Confronted with such massive job losses, older workers can choose to retire or to keep looking for a new job. The unemployment rate data already suggest that older workers in particular chose to stay in the labor market and look for a new job, given that the unemployment rate only includes those looking for work and is especially high among older workers in this current recession.

Since older workers now tend to stay in the labor market longer than in past recessions, we would expect this to affect Social Security benefits. In the past, older workers may have chosen to retire early upon losing their jobs in a recession. Yet, retiring before reaching full retirement age means accepting permanently lower Social Security benefits. For this reason, average Social Security benefits quickly dropped in past recessions before eventually growing again (see figure below). This time, older workers often keep working and, therefore, average Social Security retirement benefits increased, rather than stalled, for the first four months of the recession (see figure below).

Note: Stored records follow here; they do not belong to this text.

(* Let $A=\{a_n\}_{n\in\mathbb Z}\subset\mathbb R$ be an almost periodic set with $0\notin A$, enumerated so that $a_n\le a_{n+1}$ for all $n$. Then the finite limit $$\alpha_0=\lim_{N\to\infty}\sum_{|a_n|<N}\frac1{a_n}$$ exists, and for every $z\in\mathbb C\setminus A$ the series $$\alpha_z=\frac1{z-a_0}+\sum_{n=1}^\infty\left[\frac1{z-a_n}+\frac1{z-a_{-n}}\right]$$ converges absolutely.
   Context: A discrete locally finite multiset $A=\{a_n\}_{n\in\mathbb Z}\subset\mathbb R$ (a point may occur several times in the sequence) is called almost periodic if for every $\varepsilon>0$ the set $$E_\varepsilon=\{\tau\in\mathbb R:\ \exists\text{ a bijection }\sigma:\mathbb Z\to\mathbb Z\text{ with }\sup_n|a_n+\tau-a_{\sigma(n)}|<\varepsilon\}$$ is relatively dense, i.e. there is $L_\varepsilon>0$ with $E_\varepsilon\cap(x,x+L_\varepsilon)\ne\emptyset$ for every $x\in\mathbb R$. *)

From Stdlib Require Import Reals ZArith.
From Coquelicot Require Import Coquelicot.
Open Scope R_scope.

(* A multiset {a_n}_{n in Z} of reals is given as a sequence a : Z -> R. *)

Definition locally_finite (a : Z -> R) : Prop :=
  forall M : R, exists K : nat,
    forall n : Z, Rabs (a n) <= M -> (Z.abs n <= Z.of_nat K)%Z.

Definition bijective_Z (s : Z -> Z) : Prop :=
  exists g : Z -> Z, (forall n, g (s n) = n) /\ (forall n, s (g n) = n).

Definition eps_almost_period (a : Z -> R) (eps tau : R) : Prop :=
  exists sigma : Z -> Z, bijective_Z sigma /\
    exists M : R, M < eps /\
      forall n : Z, Rabs (a n + tau - a (sigma n)) <= M.

Definition relatively_dense (E : R -> Prop) : Prop :=
  exists L : R, 0 < L /\ forall x : R, exists tau, E tau /\ x < tau < x + L.
Lemma rate_le_of_logMGF_le {P Q} {c k : R} : (0 < c)%R ->
    (forall v, logMGF P (tscale c v) <= c%:E * logMGF Q v + k%:E) ->
  forall x, rate Q x <= c^-1%:E * rate P x + (c^-1 * k)%:E.
Proof.
move=> c0 PQ x; apply: ge_ereal_sup => _ [v _ <-].
have := PQ v; have := logMGF_gtNy Q v.
case: (logMGF Q v) => [l| |] // _; last by rewrite addeNy leNye.
rewrite -EFinM -EFinD.
have := logMGF_gtNy P (tscale c v); have := le_rate P x (tscale c v).
case: (logMGF P (tscale c v)) => [l' rPl' _|_ _|//]; last by rewrite leNgt ltry.
rewrite lee_fin => Pl'.
apply: le_trans
  (_ : c^-1%:E * ((dotR (tscale c v) x)%:E - l'%:E) + (c^-1 * k)%:E <= _); last first.
  by rewrite leeD2r//; apply: lee_wpmul2l => //; rewrite lee_fin invr_ge0 ltW.
rewrite -EFinB -EFinM -EFinD lee_fin dotR_tscale.
rewrite (_ : c^-1 * (c * dotR v x - l') + c^-1 * k =
  dotR v x - l + (c * l + k - l') / c)%R.
  by rewrite lerDl divr_ge0 ?subr_ge0// ltW.
by field; rewrite gt_eqF.
Qed.

End moment_generating_function.

Section renyi_bounds.
Context {R : realType} {d : nat}.
Local Notation Rd := (d.-tuple R).
Variable nu : {measure set Rd -> \bar R}.
Local Open Scope ereal_scope.

Definition renyi_integral (q p : Rd -> R) (a : R) : \bar R :=
  \int[nu]_(y in [set y | (0 < p y)%R]) ((q y) `^ a * (p y) `^ (1 - a))%:E.

Lemma renyi_integral_ge0 q p a : 0 <= renyi_integral q p a.
Proof. by apply: integral_ge0 => y _; rewrite lee_fin mulr_ge0 ?powR_ge0. Qed.

Lemma renyi_dominated (Q P : probability Rd R) q p (a : R) : (1 < a)%R ->
  Q `<< P -> renyi nu Q P q p a = ((a * (a - 1))^-1)%:E * lne (renyi_integral q p a).
Proof. by move=> a1 QP; rewrite /renyi a1 asboolT. Qed.

Lemma renyi_not_dominated (Q P : probability Rd R) q p (a : R) : (1 < a)%R ->
  ~ Q `<< P -> renyi nu Q P q p a = +oo.
Proof. by move=> a1 QP; rewrite /renyi a1 asboolF. Qed.

Lemma dominated_density_compl_null (P Q : probability Rd R) q :
  is_density nu Q q -> P `<< Q -> P (~` [set y | (0 < q y)%R]) = 0.
Proof.
case=> mq q0 hQ /null_content_dominatesP; apply.
  exact/measurableC/measurable_gt0.
transitivity (\int[nu]_(y in ~` [set y | (0 < q y)%R]) (q y)%:E).
  exact/hQ/measurableC/measurable_gt0.
apply: integral0_eq => y /= /negP; rewrite -leNgt => qy.
by apply/eqP; rewrite eqe eq_le qy q0.
Qed.

Section hoelder_mgf.
Variables (P Q : probability Rd R) (p q : Rd -> R).
Hypotheses (hp : is_density nu P p) (hq : is_density nu Q q) (PQ : P `<< Q).
Variable c : R.
Hypotheses (c0 : (0 < c)%R) (c1 : (c < 1)%R).

Let S := [set y | (0 < q y)%R].
Let mq : measurable_fun [set: Rd] q. Proof. by case: hq. Qed.
Let q_ge0 y : (0 <= q y)%R. Proof. by case: hq. Qed.
Let p_ge0 y : (0 <= p y)%R. Proof. by case: hp. Qed.
Let mS : measurable S. Proof. exact: measurable_gt0. Qed.
Let q_notS y : ~ S y -> q y = 0%R.
Proof. by move=> /negP; rewrite -leNgt => qy; apply/eqP; rewrite eq_le qy q_ge0. Qed.

(* e^{c u.y} p = F * G u on {q > 0}, splitting the integrand for Hoelder. *)
Let F y := (p y * q y `^ (- c))%R.
Let G u y := (q y `^ c * expR (dotR (tscale c u) y))%R.

Let mF : measurable_fun [set: Rd] F.
Proof.
by apply: measurable_funM; [case: hp|exact: measurableT_comp (measurable_powR _) mq].
Qed.

Let mG u : measurable_fun [set: Rd] (G u).
Proof.
apply: measurable_funM; first exact: measurableT_comp (measurable_powR _) mq.
by apply: measurableT_comp => //; exact: measurable_dotR.
Qed.

Lemma mgf_tscale_Lnorm1 u : mgf P (tscale c u) = 'N[nu]_1[EFin \o (F \* G u)%R].
Proof.
have [mp _ Pp] := hp.
rewrite /mgf (ge0_negligible_integral (measurableC mS))//; last 2 first.
- exact: measurable_expR_dotR.
- exact: dominated_density_compl_null hq PQ.
rewrite setTD setCK -(integral_density mp p_ge0 Pp) //; last first.
  by apply: measurable_funTS; exact: measurable_expR_dotR.
rewrite Lnorm1 integral_mkcond; apply: eq_integral => y _; rewrite patchE /F /G /=.
case: ifPn => [/[1!inE] Sy|Sy]; last first.
  have /q_notS -> : ~ S y by move/mem_set; exact/negP.
  by rewrite !powR0 ?oppr_eq0 ?gt_eqF// mulr0 mul0r normr0.
rewrite powRN -EFinM ger0_norm ?mulr_ge0 ?invr_ge0 ?powR_ge0 ?expR_ge0//.
by congr EFin; field; rewrite gt_eqF ?powR_gt0.
Qed.

Lemma Lnorm_hoelder_left :
  'N[nu]_((1 - c)^-1)%R%:E[EFin \o F] = renyi_integral p q (1 - c)^-1%R `^ (1 - c)%R.
Proof.
set a := (1 - c)^-1%R.
have ca : (- c * a = 1 - a)%R by rewrite /a; field; rewrite subr_eq0 gt_eqF.
have a1 : (1 - a != 0)%R by rewrite -ca mulf_neq0 ?oppr_eq0 ?gt_eqF ?invr_gt0 ?subr_gt0.
rewrite unlock /= invrK; congr (_ `^ _).
rewrite /renyi_integral [RHS]integral_mkcond.
apply: eq_integral => y _; rewrite patchE /F.
rewrite ger0_norm ?mulr_ge0 ?powR_ge0// powRM ?powR_ge0// -powRrM ca.
case: ifPn => // Sy; have /q_notS -> : ~ S y by move/mem_set; exact/negP.
by rewrite powR0 ?mulr0.
Qed.

Lemma Lnorm_hoelder_right u : 'N[nu]_(c^-1)%R%:E[EFin \o G u] = mgf Q u `^ c.
Proof.
have [_ _ Qq] := hq.
have Gc y : (`|G u y| `^ c^-1 = expR (dotR u y) * q y)%R.
  rewrite ger0_norm ?mulr_ge0 ?powR_ge0 ?expR_ge0// powRM ?powR_ge0 ?expR_ge0//.
  rewrite -powRrM mulfV ?gt_eqF// powRr1// -expRM dotR_tscale mulrAC mulfV ?gt_eqF//.
  by rewrite mul1r mulrC.
rewrite unlock /= invrK; congr (_ `^ _).
under eq_integral do rewrite Gc EFinM.
by rewrite (integral_density mq q_ge0 Qq)//; exact: measurable_expR_dotR.
Qed.

Lemma mgf_hoelder u :
  mgf P (tscale c u) <= renyi_integral p q (1 - c)^-1%R `^ (1 - c)%R * mgf Q u `^ c.
Proof.
rewrite mgf_tscale_Lnorm1 -Lnorm_hoelder_left -Lnorm_hoelder_right.
apply: hoelder => //; rewrite ?invr_gt0 ?subr_gt0// invrK invrK.
by rewrite subrK.
Qed.

Lemma renyi_integral_gt0 : 0 < renyi_integral p q (1 - c)^-1%R.
Proof.
(* Hoelder at u = 0 reads 1 <= J `^ (1 - c). *)
pose o : Rd := [tuple 0%R | _ < d].
have := mgf_hoelder (tscale 0%R o).
rewrite tscaleA mulr0 !mgf_tscale0 poweR1r mule1.
rewrite lt0e renyi_integral_ge0 andbT; apply: contraTN => /eqP ->.
by rewrite poweR0r ?subr_eq0 ?gt_eqF// -ltNge lte01.
Qed.

Lemma logMGF_tscale_le u j : renyi_integral p q (1 - c)^-1%R = j%:E ->
  logMGF P (tscale c u) <= c%:E * logMGF Q u + ((1 - c) * ln j)%R%:E.
Proof.
move=> Jj; have j0 : (0 < j)%R by rewrite -lte_fin -Jj renyi_integral_gt0.
have := mgf_hoelder u; rewrite Jj !logMGFE poweR_EFin.
have := mgf_gt0 Q u; case: (mgf Q u) => [m m0| _|//]; last first.
  by rewrite /= gt0_muley ?lte_fin// addye ?leey.
rewrite poweR_EFin -EFinM => hoelder_u; rewrite lne_EFin -?lte_fin//.
apply: le_trans (_ : lne (j `^ (1 - c) * m `^ c)%R%:E <= _).
  by rewrite lee_lne ?in_itv/= ?leey ?andbT ?lee_fin ?mulr_ge0 ?powR_ge0// ltW// mgf_gt0.
rewrite lne_EFin ?mulr_gt0 ?powR_gt0// -EFinM -EFinD lee_fin.
by rewrite lnM ?posrE ?powR_gt0// !ln_powR addrC.
Qed.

Early retirement does not seem to be an attractive option for many who lost their jobs, because they need the extra income to make ends meet. With insufficient savings for retirement, they may also be more wary of accepting the lower Social Security benefits that come with early retirement, even if they struggle to find work.

The retirement crisis is playing out right before our eyes. Many older workers kept on working to supplement meager savings, amid high health care costs, widespread debt and caregiving responsibilities for family members. With temporary job losses turning increasingly permanent, many older workers will eventually leave the labor market for good and face a less than golden retirement.